Australian politician (born 1968)

Penelope Ying-Yen Wong (born 5 November 1968) is an Australian politician who has been a senator for South Australia since 2002. A member of the Labor Party, she has served as the minister for foreign affairs and the leader of the Government in the Senate since 2022, and served as a minister in the Rudd, Gillard, and second Rudd governments.

Born in Kota Kinabalu, Sabah, Malaysia, to a Chinese-Malaysian father from the town of Sandakan and an English-Australian mother from Adelaide, Wong was educated at Scotch College prior to attending the University of Adelaide, graduating with Bachelor of Arts and Bachelor of Laws degrees. She then worked as a lawyer and political advisor. Wong entered politics by winning a Senate seat in the 2001 election.
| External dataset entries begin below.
(* Let $i \in \mathbb{N}_0$. (i) Suppose that the mesh $\mathcal{T}_h$ satisfies the angle condition $\int_\Omega \nabla\varphi_{z}\cdot\nabla\varphi_{z'} \leq 0$ for all vertices $z \neq z'$. The approximations generated by the tangent plane scheme satisfy the discrete energy law \[ \mathcal{J}_h(\boldsymbol{m}_h^{i+1},\boldsymbol{v}_h^{i+1}) + \alpha k \|\boldsymbol{v}_h^{i+1}\|_h^2 + \frac{\tau k^2}{2} \|d_t \boldsymbol{v}_h^{i+1}\|_h^2 + \frac{k^2}{2} \|\nabla\boldsymbol{v}_h^{i+1}\|_{\boldsymbol{L}^2(\Omega)}^2 \leq \mathcal{J}_h(\boldsymbol{m}_h^i,\boldsymbol{v}_h^i). \] (ii) The approximations generated by the nonlinear angular momentum method satisfy the discrete energy law \[ \mathcal{J}_h(\boldsymbol{m}_h^{i+1},\boldsymbol{w}_h^{i+1}) + \alpha k \|d_t\boldsymbol{m}_h^{i+1}\|_h^2 = \mathcal{J}_h(\boldsymbol{m}_h^i,\boldsymbol{w}_h^i). \] (iii) The approximations generated by the linearized angular momentum method satisfy the discrete energy law \[ \mathcal{J}_h(\boldsymbol{m}_h^{i+1},\boldsymbol{w}_h^{i+1}) + \alpha k \|d_t\boldsymbol{m}_h^{i+1}\|_h^2 + k \big(\boldsymbol{m}_h^{i+1/2} \times \boldsymbol{r}_h^i, \mathcal{P}_h\boldsymbol{h}_{\mathrm{eff}}[\boldsymbol{m}_h^{i+1/2}] - \alpha \, d_t\boldsymbol{m}_h^{i+1}\big)_h = \mathcal{J}_h(\boldsymbol{m}_h^i,\boldsymbol{w}_h^i). \]
   Context: Setting: $\Omega\subset\mathbb{R}^d$ ($d=2,3$) is a bounded polytopal Lipschitz domain; $\alpha>0$, $\tau>0$ are constants (Gilbert damping and angular momentum relaxation time) of the inertial Landau–Lifshitz–Gilbert equation $\partial_t\boldsymbol{m} = -\boldsymbol{m}\times(\boldsymbol{h}_{\mathrm{eff}}[\boldsymbol{m}] - \alpha\partial_t\boldsymbol{m} - \tau\partial_{tt}\boldsymbol{m})$. The energy is $\mathcal{E}[\boldsymbol{m}] = \frac12\|\nabla\boldsymbol{m}\|_{\boldsymbol{L}^2(\Omega)}^2$ and the effective field is defined by $-\langle\boldsymbol{h}_{\mathrm{eff}}[\boldsymbol{m}],\boldsymbol{\phi}\rangle = (\nabla\boldsymbol{m},\nabla\boldsymbol{\phi})$ (an element of the dual of $\boldsymbol{H}^1(\Omega)$). Discretization: $k>0$ is a uniform time-step, $d_t\phi^{i+1} := (\phi^{i+1}-\phi^i)/k$, $\phi^{i+1/2} := (\phi^{i+1}+\phi^i)/2$. $\mathcal{T}_h$ is a shape-regular simplicial mesh of $\Omega$ with vertex set $\mathcal{N}_h$, $\mathcal{S}^1(\mathcal{T}_h)$ the space of continuous piecewise affine functions with nodal hat basis $\{\varphi_z\}_{z\in\mathcal{N}_h}$, $\mathcal{I}_h$ the (vector-valued) nodal interpolant. The mass-lumped product is $(\boldsymbol{\psi},\boldsymbol{\phi})_h = \int_\Omega \mathcal{I}_h[\boldsymbol{\psi}\cdot\boldsymbol{\phi}]$ with induced norm $\|\cdot\|_h$. The map $\mathcal{P}_h$ from the dual of $\boldsymbol{H}^1(\Omega)$ to $\mathcal{S}^1(\mathcal{T}_h)^3$ is defined by $(\mathcal{P}_h\boldsymbol{u},\boldsymbol{\phi}_h)_h = \langle\boldsymbol{u},\boldsymbol{\phi}_h\rangle$ for all $\boldsymbol{\phi}_h\in\mathcal{S}^1(\mathcal{T}_h)^3$. Let $\mathcal{M}_h := \{\boldsymbol{\phi}_h\in\mathcal{S}^1(\mathcal{T}_h)^3 : |\boldsymbol{\phi}_h(z)|=1 \ \forall z\in\mathcal{N}_h\}$ and, for $\boldsymbol{\psi}_h\in\mathcal{S}^1(\mathcal{T}_h)^3$, $\mathcal{K}_h[\boldsymbol{\psi}_h] := \{\boldsymbol{\phi}_h\in\mathcal{S}^1(\mathcal{T}_h)^3 : \boldsymbol{\psi}_h(z)\cdot\boldsymbol{\phi}_h(z)=0 \ \forall z\in\mathcal{N}_h\}$. The discrete total energy is $\mathcal{J}_h(\boldsymbol{m}_h,\boldsymbol{u}_h) = \mathcal{E}[\boldsymbol{m}_h] + \frac{\tau}{2}\|\boldsymbol{u}_h\|_h^2$. All algorithms start from $\boldsymbol{m}_h^0\in\mathcal{M}_h$, $\boldsymbol{v}_h^0\in\mathcal{K}_h[\boldsymbol{m}_h^0]$. Tangent plane scheme: for each $i$, compute $\boldsymbol{v}_h^{i+1}\in\mathcal{K}_h[\boldsymbol{m}_h^i]$ such that for all $\boldsymbol{\phi}_h\in\mathcal{K}_h[\boldsymbol{m}_h^i]$: $\tau(d_t\boldsymbol{v}_h^{i+1},\boldsymbol{\phi}_h)_h + \alpha(\boldsymbol{v}_h^{i+1},\boldsymbol{\phi}_h)_h + (\boldsymbol{m}_h^i\times\boldsymbol{v}_h^{i+1},\boldsymbol{\phi}_h)_h - k(\mathcal{P}_h\boldsymbol{h}_{\mathrm{eff}}[\boldsymbol{v}_h^{i+1}],\boldsymbol{\phi}_h)_h = (\mathcal{P}_h\boldsymbol{h}_{\mathrm{eff}}[\boldsymbol{m}_h^i],\boldsymbol{\phi}_h)_h$; then set $\boldsymbol{m}_h^{i+1} = \mathcal{I}_h[(\boldsymbol{m}_h^i + k\boldsymbol{v}_h^{i+1})/|\boldsymbol{m}_h^i + k\boldsymbol{v}_h^{i+1}|]$. Nonlinear angular momentum method: set $\boldsymbol{w}_h^0 = \mathcal{I}_h[\boldsymbol{m}_h^0\times\boldsymbol{v}_h^0]$; for each $i$, find $(\boldsymbol{m}_h^{i+1},\boldsymbol{w}_h^{i+1})\in\mathcal{M}_h\times\mathcal{K}_h[\boldsymbol{m}_h^{i+1}]$ such that for all $\boldsymbol{\phi}_h,\boldsymbol{\psi}_h\in\mathcal{S}^1(\mathcal{T}_h)^3$: $(d_t\boldsymbol{m}_h^{i+1},\boldsymbol{\phi}_h)_h = -(\boldsymbol{m}_h^{i+1/2}\times\boldsymbol{w}_h^{i+1/2},\boldsymbol{\phi}_h)_h$ and $\tau(d_t\boldsymbol{w}_h^{i+1},\boldsymbol{\psi}_h)_h = (\boldsymbol{m}_h^{i+1/2}\times\mathcal{P}_h\boldsymbol{h}_{\mathrm{eff}}[\boldsymbol{m}_h^{i+1/2}],\boldsymbol{\psi}_h)_h - \alpha(\boldsymbol{m}_h^{i+1/2}\times d_t\boldsymbol{m}_h^{i+1},\boldsymbol{\psi}_h)_h - (\boldsymbol{m}_h^{i+1/2}\times\boldsymbol{w}_h^{i+1/2},\boldsymbol{\psi}_h)_h$. Linearized angular momentum method: same initialization of $\boldsymbol{w}_h^0$; for each $i$, set $\boldsymbol{u}_h^{i,0}=\boldsymbol{m}_h^i$, $\boldsymbol{z}_h^{i,0}=\boldsymbol{w}_h^i$ and for $\ell\in\mathbb{N}_0$ compute $\boldsymbol{u}_h^{i,\ell+1}\in\mathcal{S}^1(\mathcal{T}_h)^3$ with $2(\boldsymbol{u}_h^{i,\ell+1},\boldsymbol{\phi}_h)_h + k(\boldsymbol{u}_h^{i,\ell+1}\times\boldsymbol{z}_h^{i,\ell},\boldsymbol{\phi}_h)_h = 2(\boldsymbol{m}_h^i,\boldsymbol{\phi}_h)_h$ for all $\boldsymbol{\phi}_h$, then $\boldsymbol{z}_h^{i,\ell+1}\in\mathcal{S}^1(\mathcal{T}_h)^3$ with $2\tau(\boldsymbol{z}_h^{i,\ell+1},\boldsymbol{\psi}_h)_h + k(\boldsymbol{u}_h^{i,\ell+1}\times\boldsymbol{z}_h^{i,\ell+1},\boldsymbol{\psi}_h)_h = k(\boldsymbol{u}_h^{i,\ell+1}\times\mathcal{P}_h\boldsymbol{h}_{\mathrm{eff}}[\boldsymbol{u}_h^{i,\ell+1}],\boldsymbol{\psi}_h)_h + 2\alpha(\boldsymbol{u}_h^{i,\ell+1}\times\boldsymbol{m}_h^i,\boldsymbol{\psi}_h)_h + 2\tau(\boldsymbol{w}_h^i,\boldsymbol{\psi}_h)_h$ for all $\boldsymbol{\psi}_h$, until $\|\boldsymbol{u}_h^{i,\ell+1}-\boldsymbol{u}_h^{i,\ell}\|_h + \|\boldsymbol{z}_h^{i,\ell+1}-\boldsymbol{z}_h^{i,\ell}\|_h\le\varepsilon$; with $\ell_i$ the first index meeting this, set $\boldsymbol{m}_h^{i+1} = 2\boldsymbol{u}_h^{i,\ell_i+1}-\boldsymbol{m}_h^i$, $\boldsymbol{w}_h^{i+1} = 2\boldsymbol{z}_h^{i,\ell_i+1}-\boldsymbol{w}_h^i$, and $\boldsymbol{r}_h^i := \boldsymbol{z}_h^{i,\ell_i+1}-\boldsymbol{z}_h^{i,\ell_i}$ (so $\|\boldsymbol{r}_h^i\|_h\le\varepsilon$). *)

From HB Require Import structures.
From mathcomp Require Import all_boot all_order all_algebra.
From mathcomp Require Import reals.
Set Implicit Arguments.
Unset Strict Implicit.
Unset Printing Implicit Defensive.
Import Order.TTheory GRing.Theory Num.Theory.
Local Open Scope ring_scope.

Record mesh (R : realType) (d : nat) := Mesh {
  nV : nat;
  nT : nat;
  coord : 'I_nV -> 'rV[R]_d;
  elt : 'I_nT -> 'I_d.+1 -> 'I_nV }.
Arguments nV {R d} _.
Arguments nT {R d} _.
Arguments coord {R d} _ _.
Arguments elt {R d} _ _ _.

Section MeshDefs.
Variables (R : realType) (d : nat) (M : mesh R d).

Definition vtx := 'I_(nV M).
Definition simp := 'I_(nT M).

Definition edge_mx (T : simp) : 'M[R]_d :=
  \matrix_(j < d, l < d)
    (coord M (elt M T (lift ord0 j)) - coord M (elt M T ord0)) ord0 l.

Definition vol (T : simp) : R := `|\det (edge_mx T)| / (d`!)%:R.

Definition vset (T : simp) : {set vtx} := [set elt M T j | j : 'I_d.+1].

(* gradient of the hat function phi_z restricted to T: the unique g with
   g . (p_{j+1} - p_0) = phi_z(p_{j+1}) - phi_z(p_0) *)
Definition grad_hat (T : simp) (z : vtx) : 'rV[R]_d :=
  (\row_(j < d) (((elt M T (lift ord0 j) == z) : nat)%:R
                 - ((elt M T ord0 == z) : nat)%:R))
  *m (invmx (edge_mx T))^T.

(* stiffness entry  \int_Omega grad phi_z . grad phi_z'  *)
Definition stiff (z z' : vtx) : R :=
  \sum_(T : simp) vol T * (grad_hat T z *m (grad_hat T z')^T) ord0 ord0.

(* lumped weight  \int_Omega phi_z = sum_{T containing z} |T|/(d+1) *)
Definition lweight (z : vtx) : R :=
  \sum_(T : simp | z \in vset T) vol T / (d.+1)%:R.

Definition in_hull (T : simp) (x : 'rV[R]_d) : Prop :=
  exists lam : 'I_d.+1 -> R,
    [/\ forall j, 0 <= lam j, \sum_j lam j = 1
      & x = \sum_j lam j *: coord M (elt M T j)].

Definition shared_hull (T T' : simp) (x : 'rV[R]_d) : Prop :=
  exists lam : vtx -> R,
    [/\ forall z, 0 <= lam z,
        forall z, lam z != 0 -> z \in vset T :&: vset T',
        \sum_z lam z = 1
      & x = \sum_z lam z *: coord M z].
Following Labor's victory in the 2007 election, she was appointed Australia's first-ever Minister for Climate Change, going on to represent the country at the landmark 2009 UN Climate Change Conference in Copenhagen. Following the 2010 election, Wong was moved to become Minister for Finance and Deregulation, and in June 2013, she was elected by her colleagues to become Leader of the Government in the Senate. Following Labor's defeat in the 2013 election, Wong held several roles in the shadow cabinets of both Bill Shorten and Anthony Albanese, serving as Leader of the Opposition in the Senate throughout. Upon Labor's victory at the 2022 election, Wong was appointed Minister for Foreign Affairs, and resumed her role as Leader of the Government in the Senate.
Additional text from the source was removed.